Lemma c2_range eps : 0 < eps < 1 -> 0 < c2 eps < 1.
Proof.
  intros He. unfold c2.
  assert (Hl : ln (1 - eps) < 0) by (rewrite <- ln_1; apply ln_increasing; lra).
  assert (Hinv : 0 < / (1 - eps)) by (apply Rinv_0_lt_compat; lra).
  assert (Hne : / (1 - eps) <> 1).
  { intro E. assert (1 - eps = 1) by (rewrite <- (Rinv_inv (1 - eps)), E; apply Rinv_1). lra. }
  pose proof (ln_lt_sub_1 _ Hinv Hne) as Hlt. rewrite ln_Rinv in Hlt by lra.
  apply (Rmult_lt_compat_r (1 - eps)) in Hlt; [|lra].
  replace ((/ (1 - eps) - 1) * (1 - eps)) with eps in Hlt by (field; lra).
  split.
  - apply Rdiv_lt_0_compat; nra.
  - apply Rmult_lt_reg_r with eps; [lra|]. unfold Rdiv. rewrite Rmult_assoc, Rinv_l by lra. lra.
Qed.

Lemma c5_spec p eps : 0 < p < 1 -> 0 < eps < 1 ->
  0 < cc eps <= 1/2 /\ c5 p eps <= 1/10 /\
  c5 p eps * ln (bb p) <= cc eps / 2 /\ c5 p eps * ln (bb p) <= (1 - cc eps) / 2.
Proof.
  intros Hp He. pose proof (c2_range eps He). pose proof (ln_bb_pos p Hp).
  assert (Hmin : forall u, c5 p eps <= u / (2 * ln (bb p)) -> c5 p eps * ln (bb p) <= u / 2).
  { intros u Hu. apply (Rmult_le_compat_r (ln (bb p))) in Hu; [|lra].
    replace (u / (2 * ln (bb p)) * ln (bb p)) with (u / 2) in Hu by (field; lra). exact Hu. }
  assert (c5 p eps <= cc eps / (2 * ln (bb p))) by (eapply Rle_trans; [apply Rmin_r | apply Rmin_l]).
  assert (c5 p eps <= (1 - cc eps) / (2 * ln (bb p))) by (eapply Rle_trans; [apply Rmin_r | apply Rmin_r]).
  repeat split; try (apply Hmin; assumption); [unfold cc; lra .. | apply Rmin_l].
Qed.

Definition eventually (P : R -> Prop) : Prop := exists L0, forall L, L0 <= L -> P L.

Lemma eventually_and (P Q : R -> Prop) :
  eventually P -> eventually Q -> eventually (fun L => P L /\ Q L).
Proof.
  intros [L1 H1] [L2 H2]. exists (Rmax L1 L2). intros L HL.
  split; [apply H1 | apply H2]; eapply Rle_trans; [apply Rmax_l | | apply Rmax_r | ]; exact HL.
Qed.

Lemma eventually_ge M : eventually (fun L => M <= L).
Proof. now exists M. Qed.

Lemma ln_le_twice_sqrt L : 0 < L -> ln L <= 2 * sqrt L.
Proof.
  intro HL. pose proof (sqrt_lt_R0 L HL).
  rewrite <- (sqrt_sqrt L) at 1 by lra. rewrite ln_mult by lra.
  pose proof (ln_le_sub_1 (sqrt L) H). lra.
Qed.

Lemma eventually_lin_ln_le A B C : 0 <= B -> 0 < C ->
  eventually (fun L => A + B * ln L <= C * L).
Proof.
  intros HB HC. set (t := Rmax 1 ((Rabs A + 2 * B) / C)).
  exists (t * t). intros L HL.
  assert (Ht1 : 1 <= t) by apply Rmax_l.
  assert (Ht : Rabs A + 2 * B <= C * t).
  { pose proof (Rmax_r 1 ((Rabs A + 2 * B) / C)) as H. fold t in H.
    apply (Rmult_le_compat_l C) in H; [|lra].
    replace (C * ((Rabs A + 2 * B) / C)) with (Rabs A + 2 * B) in H by (field; lra). exact H. }
  set (s := sqrt L).
  assert (Hss : s * s = L) by (apply sqrt_sqrt; nra).
  assert (Hs : t <= s) by (unfold s; rewrite <- (sqrt_square t) by lra; apply sqrt_le_1_alt; lra).
  pose proof (ln_le_twice_sqrt L ltac:(nra)) as Hln. fold s in Hln.
  assert (HA : A <= Rabs A * s) by (pose proof (Rle_abs A); pose proof (Rabs_pos A); nra).
  assert (B * ln L <= 2 * B * s) by nra.
  assert ((Rabs A + 2 * B) * s <= C * t * s) by (apply Rmult_le_compat_r; lra).
  assert (C * t * s <= C * s * s) by (apply Rmult_le_compat_r; nra).
  assert (C * s * s = C * L) by (rewrite <- Hss; ring).
  lra.
Qed.

Lemma cube_div_27_le_exp x : 0 <= x -> x * x * x / 27 <= exp x.
Proof.
  intros Hx.
  replace (exp x) with (exp (x / 3) * exp (x / 3) * exp (x / 3))
    by (rewrite <- !exp_plus; f_equal; field).
  replace (x * x * x / 27) with ((x / 3) * (x / 3) * (x / 3)) by field.
  pose proof (exp_ineq1_le (x / 3)).
  apply Rmult_le_compat; try apply Rmult_le_compat; try apply Rmult_le_pos; lra.
Qed.

Lemma eventually_sq_lt_exp lam eps : 0 < lam -> eps < 1 ->
  eventually (fun L => 9 * L * L < exp (lam * L) * (1 - eps)).
Proof.
  intros Hlam Heps. set (d := lam * lam * lam * (1 - eps)).
  assert (Hd : 0 < d) by (unfold d; repeat apply Rmult_lt_0_compat; lra).
  exists (Rmax 1 (244 / d)). intros L HL.
  assert (HL1 : 1 <= L) by (eapply Rle_trans; [apply Rmax_l | exact HL]).
  assert (H244 : 244 <= d * L).
  { assert (H : 244 / d <= L) by (eapply Rle_trans; [apply Rmax_r | exact HL]).
    apply (Rmult_le_compat_l d) in H; [|lra].
    replace (d * (244 / d)) with 244 in H by (field; lra). exact H. }
  pose proof (cube_div_27_le_exp (lam * L) ltac:(nra)) as Hexp.
  apply (Rmult_le_compat_r (1 - eps)) in Hexp; [|lra].
  assert (Hcube : lam * L * (lam * L) * (lam * L) / 27 * (1 - eps) = L * L * (d * L) / 27)
    by (unfold d; field).
  assert (244 * (L * L) <= d * L * (L * L)) by (apply Rmult_le_compat_r; nra).
  nra.
Qed.

(* The finitely many conditions "n is large" used in the estimates, with L standing for log_b n
   and lam for ln b. *)
Definition large_enough (lam c eps L : R) : Prop :=
  3 <= L /\
  2 * ln L / lam + 2 / lam + 2 <= L /\
  9 * L * L < exp (lam * L) * (1 - eps) /\
  11 + lam + 2 * ln L <= 9/10 * lam * L /\
  31/2 + 3 * lam + 4 * ln L <= 9/10 * lam * L /\
  L / 2 + 2 + 16/10 * lam * L + 4 * L + 2 * L * ln L <= lam * L * L / 2 /\
  L / 2 + 3 + 16/10 * lam * L + 3 * (L + 1) * (2 + ln L) <= lam * L * L / 2 /\
  2 * ln L / lam + 8 * ln L + 2 / lam + 39/2 + 3 * lam <= 3/2 * c * L.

·····

# WHAT IS BEING ASKED
Given the data above, which lines hold the string "forall"? Return them.

# EXERCISE ANSWER
  assert (Hmin : forall u, c5 p eps <= u / (2 * ln (bb p)) -> c5 p eps * ln (bb p) <= u / 2).
Definition eventually (P : R -> Prop) : Prop := exists L0, forall L, L0 <= L -> P L.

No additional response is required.